Brain Decodes Deep Nets
Huzheng Yang, James Gee, Jianbo Shi
TL;DR
FactorTopy introduces a topology-constrained, factorized brain-to-network mapping that visualizes how deep networks organize computation relative to the brain by predicting fMRI responses from image features. The method maps 4D network features across space, layer, scale, and channel to brain voxels, revealing how training objectives and data shape hierarchical alignment. Key findings show CLIP achieves the strongest brain-hierarchy alignment, which improves with scale, while many other models lose alignment as capacity grows; fine-tuning on small datasets tends to rewire networks, with CLIP showing greater robustness.
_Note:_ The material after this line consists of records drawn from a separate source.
Section AffineMap.
Hypothesis K_convex : nc_convex K.
Variable f : forall n, 'M[E]_n -> 'M[R]_n.
Arguments f : clear implicits.
Hypothesis f_affine : nc_affine K f.

Lemma affine_mix_dsum (y : 'M[E]_2) : K 2 y ->
  K 2 (mix_dsum y) /\
  f 2 (mix_dsum y) = (mixA R)^T *m f 2 y *m mixA R + (mixB R)^T *m f 2 y *m mixB R.
Proof.
have [Kdsum Kcomp] := K_convex; have [fdsum fcomp] := f_affine.
move=> Ky; have Kw := Kdsum (2 + 2)%N 2 (fun=> 2%N) (fun=> y) block_inj
  (fun=> Ky) block_inj_iso block_inj_partition.
split; first exact: Kcomp mix_mx_iso Kw.
rewrite /mix_dsum (fcomp _ _ _ _ mix_mx_iso Kw).
by rewrite (fdsum _ _ _ _ _ (fun=> Ky) block_inj_iso block_inj_partition) mix_mx_dsum.
Qed.

Lemma affine_sym2 (y : 'M[E]_2) : K 2 y -> y ord0 ord_max = y ord_max ord0 ->
  f 2 y ord0 ord_max = f 2 y ord_max ord0.
Proof.
have [pl _ _] := pairing; have [_ fcomp] := f_affine.
move=> Ky ysym; have [Kz fz] := affine_mix_dsum Ky.
have z_diag : mxcomp (sign_mx R)^T (mix_dsum y) (sign_mx R) = mix_dsum y.
  apply: pairing_separates_mx => w; rewrite (map_lform_mxcomp (pl w)).
  apply: sign_mx_diag; rewrite (map_lform_mix_dsum _ (pl w));
  by have [e01 e10] := mix_offdiag (map_mx (pair w) y);
    rewrite ?e01 ?e10 !mxE ysym subrr mulr0.
have := fcomp _ _ _ _ (sign_mx_iso R) Kz; rewrite z_diag fz => /sign_mx_fixed.
have [-> _] := mix_offdiag (f 2 y).
by move/eqP; rewrite mulf_eq0 invr_eq0 pnatr_eq0 subr_eq0 => /eqP.
Qed.

End AffineMap.

Lemma AK_trivial_involution_of_nc_symmetric :
  nc_convex K -> nc_symmetric K -> AK_trivial_involution pair K.
Proof.
move=> K_convex K_sym f [f_affine _] n k Kk; have [_ Kcomp] := K_convex.
have [_ fcomp] := f_affine.
apply/matrixP => i j; rewrite mxE; have [->|ij] := eqVneq i j; first by [].
pose g (s : 'I_2) : 'I_n := if s == ord0 then i else j.
have g_inj : injective g.
  by move=> s t; rewrite /g; case: (ord2P s) => ->; case: (ord2P t) => -> //= e;
    move: ij; rewrite e eqxx.
have b_iso := coord_mx_iso g_inj.
have Ky := Kcomp _ _ _ _ b_iso Kk.
apply/esym; have := affine_sym2 K_convex f_affine Ky.
rewrite (fcomp _ _ _ _ b_iso Kk) !coord_mx_compressE /g /=; apply.
by have := congr1 (fun M : 'M[E]_2 => M ord_max ord0) (K_sym _ _ Ky); rewrite mxE.
Qed.

End NcConvexSymmetric.

(* MathComp only equips matrices over the scalar ring itself with a module
   structure; [M2 V] is ['M[V]_2] with entrywise scaling. *)
Section MatrixModule.
Variables (R : realType) (V : lmodType R).

Definition M2 := 'M[V]_2.
HB.instance Definition _ := GRing.Zmodule.on M2.

Definition M2_scale (a : R) (x : M2) : M2 := map_mx ( *:%R a) x.
Fact M2_scaleA a b x : M2_scale a (M2_scale b x) = M2_scale (a * b) x.
Proof. by apply/matrixP => i j; rewrite !mxE scalerA. Qed.
Fact M2_scale1 : left_id 1 M2_scale.
Proof. by move=> x; apply/matrixP => i j; rewrite !mxE scale1r. Qed.
Fact M2_scaleDr : right_distributive M2_scale +%R.
Proof. by move=> a x y; apply/matrixP => i j; rewrite !mxE scalerDr. Qed.
Fact M2_scaleDl x : {morph M2_scale^~ x : a b / a + b}.
Proof. by move=> a b; apply/matrixP => i j; rewrite !mxE scalerDl. Qed.
HB.instance Definition _ :=
  GRing.Zmodule_isLmodule.Build R M2 M2_scaleA M2_scale1 M2_scaleDr M2_scaleDl.

End MatrixModule.

Section OperatorSystem.
Variables (R : realType) (V : lmodType R) (inv : V -> V).
Variable cone : forall n, 'M[V]_n -> Prop.
Arguments cone : clear implicits.
Variable e : V.
Hypothesis inv_linear : forall (a : R) (u v : V), inv (a *: u + v) = a *: inv u + inv v.
Hypothesis invK : forall v, inv (inv v) = v.
Hypothesis cone_sa : forall n x, cone n x -> sa_mx inv x.
Hypothesis coneD : forall n x y, cone n x -> cone n y -> cone n (x + y).
Hypothesis coneZ : forall n (r : R) x, 0 <= r -> cone n x -> cone n (map_mx (fun v => r *: v) x).
Hypothesis cone_antisym : forall n x, cone n x -> cone n (- x) -> x = 0.
Hypothesis cone_compress : forall m n (a : 'M[R]_(n, m)) x, cone n x -> cone m (mxcomp a^T x a).
Hypothesis cone_archimedean : forall n x, sa_mx inv x ->
  exists r : R, 0 < r /\ cone n (unit_mx (r *: e) n + x).
Hypothesis cone_archimedean_closed : forall n x, sa_mx inv x ->
  (forall r : R, 0 < r -> cone n (unit_mx (r *: e) n + x)) -> cone n x.

HB.instance Definition _ := GRing.isLinear.Build R V V *:%R inv inv_linear.

Lemma inv0 : inv 0 = 0. Proof. exact: raddf0. Qed.
Lemma invD u v : inv (u + v) = inv u + inv v. Proof. exact: raddfD. Qed.
Lemma invN u : inv (- u) = - inv u. Proof. exact: raddfN. Qed.
Lemma invB u v : inv (u - v) = inv u - inv v. Proof. exact: raddfB. Qed.
Lemma invZ a u : inv (a *: u) = a *: inv u. Proof. exact: linearZ. Qed.

Lemma sa_mxE n (x : 'M[V]_n) i j : sa_mx inv x -> inv (x j i) = x i j.
Proof. by move=> /(congr1 (fun M : 'M[V]_n => M i j)); rewrite !mxE. Qed.

Lemma sa_mxP n (x : 'M[V]_n) : (forall i j, inv (x j i) = x i j) -> sa_mx inv x.
Proof. by move=> h; apply/matrixP => i j; rewrite !mxE h. Qed.

Lemma sa_mx0 n : sa_mx inv (0 : 'M[V]_n).
Proof. by apply: sa_mxP => i j; rewrite !mxE inv0. Qed.

Lemma inv_unit : inv e = e.
Proof.
have [r [r_gt0 c]] := cone_archimedean (sa_mx0 1).
have := sa_mxE ord0 ord0 (cone_sa c); rewrite !mxE eqxx addr0 invZ => /eqP.
by rewrite -subr_eq0 -scalerBr scaler_eq0 gt_eqF // subr_eq0 => /eqP.
Qed.

Lemma cone2Z (r : R) (x : M2 V) : 0 <= r -> cone 2 x -> cone 2 (r *: x).
Proof. exact: coneZ. Qed.

Lemma sa_matrix2 a b c d : inv a = a -> inv b = c -> inv d = d ->
  sa_mx inv (matrix2 a b c d).
Proof.
move=> ha hb hd; apply: sa_mxP => i j.
by case: (ord2P i) => ->; case: (ord2P j) => ->; rewrite !mxE /= -?hb ?invK.
Qed.

Lemma mxcomp2E (P Q : 'M[R]_2) (x : 'M[V]_2) i j :
  mxcomp P x Q i j =
    (P i ord0 * Q ord0 j) *: x ord0 ord0 + (P i ord0 * Q ord_max j) *: x ord0 ord_max
  + (P i ord_max * Q ord0 j) *: x ord_max ord0 + (P i ord_max * Q ord_max j) *: x ord_max ord_max.
Proof. by rewrite mxE !big_ord2 addrA. Qed.

Definition sa_part (x : M2 V) : M2 V := \matrix_(i, j) ((2^-1 : R) *: (x i j + inv (x j i))).

Fact sa_part_linear : linear sa_part.
Proof.
move=> k x y; apply/matrixP => i j; rewrite !mxE invD invZ.
by rewrite scalerA mulrC -scalerA -scalerDr addrACA -scalerDr.
Qed.
HB.instance Definition _ := GRing.isLinear.Build R (M2 V) (M2 V) *:%R sa_part sa_part_linear.

Lemma sa_partE x : sa_mx inv x -> sa_part x = x.
Proof.
move=> h; apply/matrixP => i j; rewrite !mxE (sa_mxE _ _ h).
by rewrite -mulr2n -scaler_nat scalerA mulVf ?scale1r // pnatr_eq0.
Qed.

Lemma sa_mx_sa_part x : sa_mx inv (sa_part x).
Proof. by apply: sa_mxP => i j; rewrite !mxE invZ invD invK addrC. Qed.

(* Forgetting the involution, [M2 V] is a real ordered vector space with
   positive cone [pos2] and order unit [unit2]: the setting of the Riesz
   extension theorem. *)
Definition pos2 (x : M2 V) := cone 2 (sa_part x).

Definition unit2 : M2 V := matrix2 e 0 0 e.

Lemma unit_mx2E (r : R) : unit_mx (r *: e) 2 = r *: unit2 :> M2 V.
Proof. by apply: matrix2P; rewrite !mxE /= ?scaler0. Qed.

Lemma cone_unit2 : cone 2 unit2.
Proof.
have [r [r_gt0 c]] := cone_archimedean (sa_mx0 2).
have -> : unit2 = r^-1 *: (unit_mx (r *: e) 2 + 0 : M2 V).
  by rewrite addr0 unit_mx2E scalerA mulVf ?gt_eqF ?scale1r.
by apply: cone2Z => //; rewrite invr_ge0 ltW.
Qed.

Lemma pos2_0 : pos2 0.
Proof. by rewrite /pos2 raddf0 -(scale0r unit2); apply: cone2Z cone_unit2. Qed.

Lemma pos2D x y : pos2 x -> pos2 y -> pos2 (x + y).
Proof. by rewrite /pos2 raddfD; exact: coneD. Qed.

Lemma pos2Z r x : 0 <= r -> pos2 x -> pos2 (r *: x).
Proof. by rewrite /pos2 linearZ; exact: cone2Z. Qed.

Lemma pos2_unit (x : M2 V) : exists r : R, pos2 (r *: unit2 - x).
Proof.
have sa_x : sa_mx inv (- sa_part x).
  apply: sa_mxP => i j; rewrite [(- sa_part x) j i]mxE [(- sa_part x) i j]mxE invN.
  by rewrite (sa_mxE _ _ (sa_mx_sa_part x)).
have [r [r_gt0 c]] := cone_archimedean sa_x.
exists r; rewrite /pos2 linearB linearZ /= (@sa_partE unit2) -?unit_mx2E //.
by apply: sa_matrix2; rewrite ?inv0 ?inv_unit.
Qed.

Section SkewVector.
Variable w : V.
Hypothesis w_skew : inv w = - w.
Hypothesis w_neq0 : w != 0.

Definition test_mx (a d g b : R) : M2 V :=
  matrix2 (a *: e) (g *: e + b *: w) (g *: e - b *: w) (d *: e).

Lemma test_mx_linear k a d g b a' d' g' b' :
  k *: test_mx a d g b + test_mx a' d' g' b'
  = test_mx (k * a + a') (k * d + d') (k * g + g') (k * b + b').
Proof.
apply: eq_matrix2; rewrite !mxE /= ?scalerDr ?scalerBr ?scalerA ?scalerDl //.
- by rewrite addrACA.
- by rewrite scalerN scalerA opprD addrACA.
Qed.

Lemma test_mxZ r a d g b : r *: test_mx a d g b = test_mx (r * a) (r * d) (r * g) (r * b).
Proof.
rewrite -[LHS]addr0; have -> : 0 = test_mx 0 0 0 0.
  by rewrite /test_mx; apply: eq_matrix2; rewrite !mxE /= ?scale0r ?addr0 ?subr0.
by rewrite test_mx_linear !addr0.
Qed.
The work provides a brain-informed lens for diagnosing model behavior and offers a visualization toolkit for interpreting deep networks through their brain-inspired organization.
Abstract
We developed a tool for visualizing and analyzing large pre-trained vision models by mapping them onto the brain, thus exposing their hidden inside. Our innovation arises from a surprising usage of brain encoding: predicting brain fMRI measurements in response to images. We report two findings. First, explicit mapping between the brain and deep-network features across dimensions of space, layers, scales, and channels is crucial. This mapping method, FactorTopy, is plug-and-play for any deep-network; with it, one can paint a picture of the network onto the brain (literally!). Second, our visualization shows how different training methods matter: they lead to remarkable differences in hierarchical organization and scaling behavior, growing with more data or network capacity. It also provides insight into fine-tuning: how pre-trained models change when adapting to small datasets. We found brain-like hierarchically organized network suffer less from catastrophic forgetting after fine-tuned.